**HOW TO COMPLETE THIS TASK:**
Among the lines below, some may contain the string "Stdlib". Say how many do, and give nothing besides the number.

-- DATA FOR PROCESSING follows --

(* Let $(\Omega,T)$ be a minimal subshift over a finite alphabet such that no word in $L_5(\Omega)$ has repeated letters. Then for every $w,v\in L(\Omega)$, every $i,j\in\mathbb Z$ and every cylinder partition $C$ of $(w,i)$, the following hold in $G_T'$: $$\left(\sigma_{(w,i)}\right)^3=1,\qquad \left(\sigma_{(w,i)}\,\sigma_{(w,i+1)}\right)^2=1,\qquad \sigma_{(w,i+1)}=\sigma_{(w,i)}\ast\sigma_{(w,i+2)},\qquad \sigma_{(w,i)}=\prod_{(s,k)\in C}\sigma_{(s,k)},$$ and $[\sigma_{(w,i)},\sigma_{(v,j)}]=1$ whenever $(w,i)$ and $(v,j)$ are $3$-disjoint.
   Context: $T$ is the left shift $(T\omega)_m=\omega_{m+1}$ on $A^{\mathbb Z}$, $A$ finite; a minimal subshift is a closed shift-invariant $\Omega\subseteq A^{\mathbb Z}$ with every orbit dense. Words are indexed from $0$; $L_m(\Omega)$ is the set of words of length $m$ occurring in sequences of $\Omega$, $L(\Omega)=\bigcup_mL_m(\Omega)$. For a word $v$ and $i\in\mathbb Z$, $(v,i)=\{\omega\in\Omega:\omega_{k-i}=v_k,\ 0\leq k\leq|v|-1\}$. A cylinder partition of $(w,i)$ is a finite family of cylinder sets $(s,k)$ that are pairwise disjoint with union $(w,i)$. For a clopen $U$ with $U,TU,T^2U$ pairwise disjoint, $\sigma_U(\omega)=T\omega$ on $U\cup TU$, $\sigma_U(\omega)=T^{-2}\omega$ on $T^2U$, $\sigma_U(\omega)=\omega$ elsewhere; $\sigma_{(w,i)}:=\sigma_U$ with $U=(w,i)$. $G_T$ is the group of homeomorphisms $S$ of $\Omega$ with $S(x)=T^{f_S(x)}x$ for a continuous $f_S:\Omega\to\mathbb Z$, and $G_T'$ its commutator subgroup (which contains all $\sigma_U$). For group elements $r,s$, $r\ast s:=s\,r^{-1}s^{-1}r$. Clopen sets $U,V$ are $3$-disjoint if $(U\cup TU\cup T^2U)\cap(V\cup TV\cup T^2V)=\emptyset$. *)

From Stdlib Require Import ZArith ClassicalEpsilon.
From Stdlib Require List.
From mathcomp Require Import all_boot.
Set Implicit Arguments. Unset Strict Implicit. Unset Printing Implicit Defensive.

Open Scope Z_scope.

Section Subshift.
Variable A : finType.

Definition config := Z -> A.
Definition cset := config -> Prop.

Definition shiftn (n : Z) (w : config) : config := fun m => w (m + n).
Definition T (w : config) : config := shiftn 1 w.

-- DATA FOR PROCESSING concluded --

**EXERCISE RESPONSE:**
2